Rownd a Rownd () is a Welsh soap opera created by Rondo Media (formally Ffilmiau’r Nant) and shown on S4C since 11 September 1995. It was claimed to be the first Celtic-related language soap specifically directed at a youth audience. It is set in the fictional harbour town of Glanrafon in Anglesey.

At its inception, the soap was targeted towards an adolescent and young adult audience, but it now has broadened its appeal to all age groups. Beginning with a small cast of characters, the serial now has upwards of forty cast members.

The soap is consistently in the top 20 most watched programmes of the week on S4C, the show currently averaging around twenty thousand viewers per episode. Two episodes are produced each week; since February 2020 these have been broadcast at 20:25 on Tuesdays and Thursdays (with the previous episode being repeated at 18:30). In addition, a weekly omnibus with in-vision English language subtitles airs on Sunday daytime. Every summer Rownd a Rownd also takes a two-month seasonal break, finishing in mid-July and restarting in September to coincide with the new academic year.

Background
Rownd a Rownd was first broadcast in September 1995 and was originally based on young people who did a paper round (hence the programme's title, based on the wheels of a bicycle). It has since grown to include both their daily school life and their family life. Phil Redmond, creator of Grange Hill, Brookside and Hollyoaks, acted as a consultant to the series on its launch in 1995, and again on its tenth anniversary. Rownd a Rownd also has a presence on social networking sites Facebook, Twitter, Instagram and TikTok. In 2016, it celebrated its 21st birthday, with S4C broadcasting an anniversary special hosted by Tudur Owen.
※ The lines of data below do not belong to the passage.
(* (Main) Let $\mathbb{K}$ be a field, $n>1$, $a=\sum_{j=0}^d c_j s^j\in\mathbb{K}[s]^n$ a non-zero row vector of degree $d$ ($c_j\in\mathbb{K}^n$), and $A\in\mathbb{K}^{(2d+1)\times n(d+1)}$ the matrix whose $(i,\,kn+r)$ entry ($1\le i\le 2d+1$, $0\le k\le d$, $1\le r\le n$) is the $r$-th entry of $c_{i-1-k}$ (zero if $i-1-k\notin\{0,\dots,d\}$). With $\tilde q$ and $b_r$ as in the context, the set $u=\{b_r^\flat\mid r\in\tilde q\}$ is a $\mu$-basis of $a$.
   Context: A column of a matrix is pivotal if it is either the first column and non-zero, or linearly independent of all previous columns; otherwise non-pivotal. $p$ is the set of pivotal indices of $A$, $q$ the set of non-pivotal indices, and $\tilde q=\{\min\varrho\mid\varrho\in q/(n)\}$ the basic non-pivotal indices (minimal elements of the classes of $q$ modulo $n$). For $i\in q$ write uniquely $A_{*i}=\sum_{\{j\in p\mid j<i\}}\alpha^{(i)}_jA_{*j}$ ($A_{*j}$ the $j$-th column) and set $b_i=e_i-\sum_{\{j\in p\mid j<i\}}\alpha^{(i)}_je_j$ ($e_i$ standard basis vectors of $\mathbb{K}^{n(d+1)}$). For $v=[w_0;\dots;w_d]\in\mathbb{K}^{n(d+1)}$ ($w_i\in\mathbb{K}^n$), $v^\flat=\sum_i s^iw_i\in\mathbb{K}[s]^n$. $\mathrm{syz}(a)=\{h\in\mathbb{K}[s]^n\mid a\,h=0\}$. For non-zero $h\in\mathbb{K}[s]^n$, $LV(h)\in\mathbb{K}^n$ is the vector of coefficients of $s^{\deg h}$ in its entries, $\deg h=\max_i\deg h_i$. A subset $u=\{u_1,\dots,u_{n-1}\}\subset\mathbb{K}[s]^n$ is a $\mu$-basis of $a$ if: (1) $u$ has exactly $n-1$ elements; (2) $LV(u_1),\dots,LV(u_{n-1})$ are linearly independent over $\mathbb{K}$; (3) $u$ is a basis of the $\mathbb{K}[s]$-module $\mathrm{syz}(a)$. *)

From HB Require Import structures.
From mathcomp Require Import all_boot all_order all_algebra.
Set Implicit Arguments. Unset Strict Implicit. Unset Printing Implicit Defensive.
Import Order.TTheory GRing.Theory Num.Theory.
Local Open Scope ring_scope.

Section MuBasis.
Variable K : fieldType.

Definition pdeg m1 m2 (M : 'M[{poly K}]_(m1, m2)) : nat :=
  (\max_(i < m1) \max_(j < m2) size (M i j)).-1.

Definition LV n (h : 'cV[{poly K}]_n) : 'cV[K]_n :=
  \col_i (h i 0)`_(pdeg h).

Definition in_syz n (a : 'rV[{poly K}]_n) (h : 'cV[{poly K}]_n) : bool :=
  a *m h == 0.

(* u (a finite set, given by a list of its elements) is a mu-basis of a *)
Definition mu_basis n (a : 'rV[{poly K}]_n) (u : seq 'cV[{poly K}]_n) : Prop :=
  let us := undup u in
  [/\ size us = (n - 1)%N,
      free [seq LV h | h <- us],
      all (in_syz a) us,
      (forall h, a *m h = 0 ->
         exists p : 'I_(size us) -> {poly K}, h = \sum_i p i *: us`_i)
    & (forall p : 'I_(size us) -> {poly K},
         \sum_i p i *: us`_i = 0 -> forall i, p i = 0)].
(* Induction on |S|: a vertex v of minimum degree d has at most
   |X| neighbours; each receives a private sink, v points to these d sinks, and v
   replaces them as a sink for S minus v, which satisfies the same bound. *)
Theorem realizes_with_sinks (S X : {set V}) :
  [disjoint S & X] -> 0 < #|X| -> 4 + degree_sum S <= 2 * (#|X| + #|S|) ->
  exists b, realizes S X b.
Proof.
move: {2}#|S| (erefl #|S|) => n; elim: n S X => [|n IH] S X cS disjSX X_gt0 pot.
  exists (fun _ _ => false).
  by move/eqP: cS; rewrite cards_eq0 => /eqP ->; apply: realizes_set0.
have /set0Pn [v0 v0S] : S != set0 by rewrite -card_gt0 cS.
case: (arg_minnP (degree_in S) v0S) => v vS vmin; have {}vS : v \in S by [].
set d := degree_in S v in vmin *.
have cSv : #|S :\ v| = n by move: cS; rewrite (cardsD1 v) vS add1n => -[].
have d_lt : d < #|S|.
  rewrite cS ltnS -cSv subset_leq_card //; apply/subsetP => y; rewrite !inE.
  by case/andP => yS fvy; rewrite yS andbT; apply: contraTneq fvy => ->; rewrite firr.
have d_le : d <= #|X|.
  apply: min_degree_le_sinks d_lt _ => //; apply: leq_trans pot; rewrite addnC leq_add2l.
  by rewrite mulnC -sum_nat_const; apply: leq_sum.
have [g [gX ginj]] := injection_into d_le.
set D := g @: [set y in S | f v y].
have cD : #|D| = d by rewrite card_in_imset.
have DX : D \subset X by apply/subsetP => _ /imsetP [y yN ->]; exact: gX.
have vX : v \notin X by rewrite (disjointFr disjSX vS).
have [b rb] : exists b, realizes (S :\ v) (v |: (X :\: D)) b.
  apply: (IH _ _ cSv).
  - apply/pred0P => x /=; rewrite !inE; case: (eqVneq x v) => //= _.
    by case xS: (x \in S); rewrite // (disjointFr disjSX xS) andbF.
  - by rewrite card_gt0; apply/set0Pn; exists v; rewrite setU11.
  move: pot; rewrite (degree_sumD1 vS) cardsU1 !inE (negbTE vX) andbF /=.
  by rewrite cardsD (setIidPr DX) cD cSv cS -/d; lia.
by exists (extend S v g b); apply: realizes_extend.
Qed.

Definition add_sink (b : rel V) (Q : {set V}) (z : V) : rel V :=
  fun x y => b x y || (y == z) && (x \in Q).

Lemma realizes_add_sink (S X Q : {set V}) (z : V) (b : rel V) :
  realizes S X b -> z \notin X :|: S -> z \notin Q ->
  [/\ ranked (add_sink b Q z),
      forall x, x \in Q -> add_sink b Q z x z &
      forall x y, x != y -> (exists w, add_sink b Q z x w && add_sink b Q z y w) <->
        [&& x \in S, y \in S & f x y] || (x \in Q) && (y \in Q)].
Proof.
case=> [[r br] bsrc btgt bcomp] zXS zQ.
have bz x y : b x y -> y != z by move=> /btgt; apply: contraTneq => ->.
have bz' x y : b x y -> x != z.
  by move=> /bsrc xS; apply: contraNneq zXS => <-; rewrite inE xS orbT.
split=> [|x xQ|x y xy].
- exists (fun y => if y == z then 0 else (r y).+1) => x y /orP [bxy | /andP [/eqP -> xQ]].
    by rewrite (negbTE (bz _ _ bxy)) (negbTE (bz' _ _ bxy)) ltnS br.
  by rewrite eqxx ifN //; apply: contraNneq zQ => <-.
- by rewrite /add_sink eqxx xQ orbT.
split.
- case=> w; rewrite /add_sink; case: (eqVneq w z) => [-> | wz] /=; last first.
    by rewrite !orbF => bw; apply/orP; left; apply/(bcomp x y xy); exists w.
  have nbz u : b u z = false by apply/negbTE/negP => /bz; rewrite eqxx.
  by rewrite !nbz /= => ->; rewrite orbT.
case/orP => [/(bcomp x y xy) [w /andP [bxw byw]] | /andP [xQ yQ]].
  by exists w; rewrite /add_sink bxw byw.
by exists z; rewrite /add_sink eqxx xQ yQ !orbT.
Qed.

End Realization.

Section Cliques.
Variables (T : finType) (e : rel T).
Hypotheses (e_sym : symmetric e) (e_irr : irreflexive e).

Lemma clique_adj (K : {set T}) (x y : T) :
  is_clique e K -> x \in K -> y \in K -> x != y -> e x y.
Proof.
move=> /forall_inP /(_ x) Kc xK yK.
by move: (Kc xK) => /forall_inP /(_ y yK) /implyP.
Qed.

Lemma clique_le_omega (S : {set T}) : is_clique e S -> #|S| <= omega e.
Proof. by move=> cS; apply: (leq_bigmax_cond (F := fun S : {set T} => #|S|)). Qed.

(* Every triangle of G lies in K, when K is a maximum clique and G has at most one
   maximal clique with 3 or more vertices: the triangle extends to a maximal clique,
   which must then be K. *)
Lemma triangle_in_max_clique (K : {set T}) :
  at_most_one_nonedge_maxclique e -> is_clique e K -> #|K| = omega e ->
  forall x y z, e x y -> e y z -> e x z -> x \in K.
Proof.
move=> amo Kc cK x y z exy eyz exz.
pose Q0 := x |: (y |: [set z]).
have clQ0 : is_clique e Q0.
  apply/forall_inP => a aQ; apply/forall_inP => c cQ; apply/implyP.
  move: aQ cQ; rewrite !inE.
  by case/or3P => /eqP ->; case/or3P => /eqP ->;
    rewrite ?eqxx // => _; rewrite // e_sym.
have cQ0 : #|Q0| = 3.
  have neq a c : e a c -> a != c by apply: contraTneq => ->; rewrite e_irr.
  by rewrite /Q0 !cardsU1 cards1 !inE negb_or !neq.
have maxK : maximal_clique e K.
  by split=> // Q cQ KQ; apply/eqP; rewrite eq_sym eqEcard KQ cK clique_le_omega.
have [Q /andP [cQ Q0Q] Qmax] := @arg_maxnP _ Q0 (fun S => is_clique e S && (Q0 \subset S))
  (fun S => #|S|) (introT andP (conj clQ0 (subxx _))).
have maxQ : maximal_clique e Q.
  split=> // Q' cQ' QQ'; apply/eqP; rewrite eq_sym eqEcard QQ' /=.
  by apply: Qmax; rewrite cQ' (subset_trans Q0Q QQ').
have Q3 : 3 <= #|Q| by rewrite -cQ0 subset_leq_card.
have K3 : 3 <= #|K| by rewrite cK -cQ0 clique_le_omega.
by rewrite -(amo Q K maxQ Q3 maxK K3) (subsetP Q0Q) // !inE eqxx.
Qed.
(* Let $E$ be a finite set and $\mathcal{A}$ a set-arrangement on $E$, with local Lie algebras $L_A=\mathcal{F}(A)/\langle R_A\rangle$, $R_A\subseteq[\mathcal{F}(A),\mathcal{F}(A)]$, for $A\in\mathcal{A}$, and let $\mathcal{L}=\mathcal{F}(E)/\langle R\rangle$ with $$R=\bigcup_{A\in\mathcal{A}}R_A\ \cup\ \{[x,y]:\ x,y\in E,\ \{x,y\}\not\subseteq A \text{ for every } A\in\mathcal{A}\}.$$ Assume $\mathcal{L}$ satisfies replacement. Let $\mathcal{B}_1,\dots,\mathcal{B}_k$ be pairwise disjoint subsets of $\mathcal{A}$, each closed in $\mathcal{A}$, with $\bigcup_{i=1}^k\mathcal{B}_i=\mathcal{A}$. For each $i$ let $\pi_{\mathcal{B}_i}:\mathcal{L}\to L_{\mathcal{B}_i}$ be the Lie homomorphism sending the elements of $E\setminus\mathrm{supp}(\mathcal{B}_i)$ to $0$ and fixing those of $\mathrm{supp}(\mathcal{B}_i)$, let $I_{\mathcal{B}_i}=\ker\pi_{\mathcal{B}_i}$, and let $J$ be the kernel of the surjective Lie homomorphism $\bigoplus_{i=1}^k\pi'_{\mathcal{B}_i}:\mathcal{L}'\to\bigoplus_{i=1}^kL'_{\mathcal{B}_i}$, where $\pi'_{\mathcal{B}_i}$ is the restriction of $\pi_{\mathcal{B}_i}$ to $\mathcal{L}'$. Then: (1) $J$ is generated as an ideal of $\mathcal{L}$ by the elements $[x,[y,z]]$ with $y,z\in\mathrm{supp}(\mathcal{B}_i)$, $x\in E\setminus\mathrm{supp}(\mathcal{B}_i)$, $i=1,\dots,k$; (2) $J=0$ if and only if $[x,[y,z]]=0$ in $\mathcal{L}$ for all $y,z\in\mathrm{supp}(\mathcal{B}_i)$, $x\in E\setminus\mathrm{supp}(\mathcal{B}_i)$, $i=1,\dots,k$; (3) for each $i=1,\dots,k$, $I_{\mathcal{B}_i}$ equals the Lie subalgebra of $\mathcal{L}$ generated by $E\setminus\mathrm{supp}(\mathcal{B}_i)$.
   Context: All Lie algebras are over a fixed field; $\mathcal{F}(X)$ is the free Lie algebra on $X$, $\langle S\rangle$ the ideal generated by $S$, and $M'=[M,M]$ the derived algebra. A set-arrangement on a finite set $E$ is a set $\mathcal{A}$ of subsets of $E$ with $|A|\ge3$ for all $A\in\mathcal{A}$ and $|A\cap B|\le1$ for distinct $A,B\in\mathcal{A}$. $\mathcal{L}$ satisfies replacement if for every $A\in\mathcal{A}$ and every $x\in A$ that also lies in some $B\in\mathcal{A}$ with $B\ne A$, one has $L_A'\subseteq$ the Lie subalgebra of $L_A$ generated by $A\setminus\{x\}$. For $\mathcal{B}\subseteq\mathcal{A}$ put $\mathrm{supp}(\mathcal{B})=\bigcup_{B\in\mathcal{B}}B$; $\mathcal{B}$ is closed in $\mathcal{A}$ if $|A\cap\mathrm{supp}(\mathcal{B})|\le1$ for all $A\in\mathcal{A}\setminus\mathcal{B}$. For such $\mathcal{B}$, $L_{\mathcal{B}}=\mathcal{F}(\mathrm{supp}(\mathcal{B}))/\langle R_{\mathcal{B}}\rangle$ where $R_{\mathcal{B}}=\bigcup_{B\in\mathcal{B}}R_B\cup\{[x,y]:\ x,y\in\mathrm{supp}(\mathcal{B}),\ \{x,y\}\not\subseteq B\text{ for all }B\in\mathcal{B}\}$. Elements of $E$ are identified with their images in $\mathcal{L}$. *)

From HB Require Import structures.
From mathcomp Require Import all_boot all_order all_algebra.
Set Implicit Arguments. Unset Strict Implicit. Unset Printing Implicit Defensive.
Import GRing.Theory.
Local Open Scope ring_scope.

Section Lie.
Variable K : fieldType.

Record lie_axioms (V : lmodType K) (br : V -> V -> V) : Prop := LieAxioms {
  lie_linl : forall a (x y z : V), br (a *: x + y) z = a *: br x z + br y z;
  lie_linr : forall a (x y z : V), br z (a *: x + y) = a *: br z x + br z y;
  lie_alt : forall x, br x x = 0;
  lie_jacobi : forall x y z, br x (br y z) + br y (br z x) + br z (br x y) = 0 }.

Record lieAlg := LieAlg {
  lie_carrier :> lmodType K;
  lie_br : lie_carrier -> lie_carrier -> lie_carrier;
  lie_ax : lie_axioms lie_br }.

Definition lie_hom (L M : lieAlg) (h : L -> M) : Prop :=
  (forall a (x y : L), h (a *: x + y) = a *: h x + h y) /\
  (forall x y : L, h (lie_br x y) = lie_br (h x) (h y)).

Definition subspace_closed (L : lieAlg) (P : L -> Prop) : Prop :=
  P 0 /\ forall a (x y : L), P x -> P y -> P (a *: x + y).
Definition subalg_closed (L : lieAlg) (P : L -> Prop) : Prop :=
  subspace_closed P /\ forall x y : L, P x -> P y -> P (lie_br x y).
Definition ideal_closed (L : lieAlg) (P : L -> Prop) : Prop :=
  subspace_closed P /\ forall x y : L, P y -> P (lie_br x y).

Definition derived (L : lieAlg) (v : L) : Prop :=
  forall P : L -> Prop, subspace_closed P -> (forall x y, P (lie_br x y)) -> P v.
Definition gen_subalg (L : lieAlg) (S : L -> Prop) (v : L) : Prop :=
  forall P : L -> Prop, subalg_closed P -> (forall s, S s -> P s) -> P v.
Definition gen_ideal (L : lieAlg) (S : L -> Prop) (v : L) : Prop :=
  forall P : L -> Prop, ideal_closed P -> (forall s, S s -> P s) -> P v.

(* formal Lie expressions over generators X: they represent the elements
   of the free Lie algebra F(X) *)
Inductive lterm (X : Type) :=
  | LGen of X
  | LZero
  | LAdd of lterm X & lterm X
  | LScale of K & lterm X
  | LBr of lterm X & lterm X.

Fixpoint leval (L : lieAlg) (X : Type) (f : X -> L) (t : lterm X) : L :=
  match t with
  | LGen x => f x
  | LZero => 0
  | LAdd t1 t2 => leval f t1 + leval f t2
  | LScale a t1 => a *: leval f t1
  | LBr t1 t2 => lie_br (leval f t1) (leval f t2)
  end.

Fixpoint lgens_in (X : finType) (S : {set X}) (t : lterm X) : Prop :=
  match t with
  | LGen x => x \in S
  | LZero => True
  | LAdd t1 t2 => lgens_in S t1 /\ lgens_in S t2
  | LScale _ t1 => lgens_in S t1
  | LBr t1 t2 => lgens_in S t1 /\ lgens_in S t2
  end.

(* (L, iota) is the Lie algebra F(S)/<rels> presented by generators S
   (a subset of X) and relations rels (terms in the generators S),
   characterised by its universal property. *)
Definition is_presentation (X : finType) (L : lieAlg) (iota : X -> L)
    (S : {set X}) (rels : lterm X -> Prop) : Prop :=
  (forall r, rels r -> leval iota r = 0) /\
  forall (M : lieAlg) (f : X -> M), (forall r, rels r -> leval f r = 0) ->
    exists h : L -> M,
      [/\ lie_hom h, (forall x, x \in S -> h (iota x) = f x) &
        forall h' : L -> M, lie_hom h' ->
          (forall x, x \in S -> h' (iota x) = f x) -> forall v, h' v = h v].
The longest-serving cast member was Iestyn Garlick, who played Jim "Gym" Williams, the physical education teacher, who was later the headmaster of the local school. The character first appeared on-screen in September 1995 and left in July 2020 after 25 years.

Production
 The series is filmed in Menai Bridge, Anglesey and Caernarfon, North Wales, and is produced by Rondo Media (previously known as Ffilmiau Nant). When it began, the production company converted a disused garage in Dale Street (Welsh name: "Lôn Cilbedlam") in Menai Bridge into a fake row of shops, which includes a café, a hairdresser, a newsagent, a taxi firm, a pizza place and a bar. There is a sign outside this set informing the public that the shops are not real. School scenes are filmed in Ysgol Gyfun Llangefni and Ysgol David Hughes. Hospital scenes are often filmed in nearby Ysbyty Gwynedd, Bangor, usually in one of the staff hostels. The soap also regularly makes use of incidental music; in keeping with the show's style, this usually consists of indie-pop music sung in Welsh.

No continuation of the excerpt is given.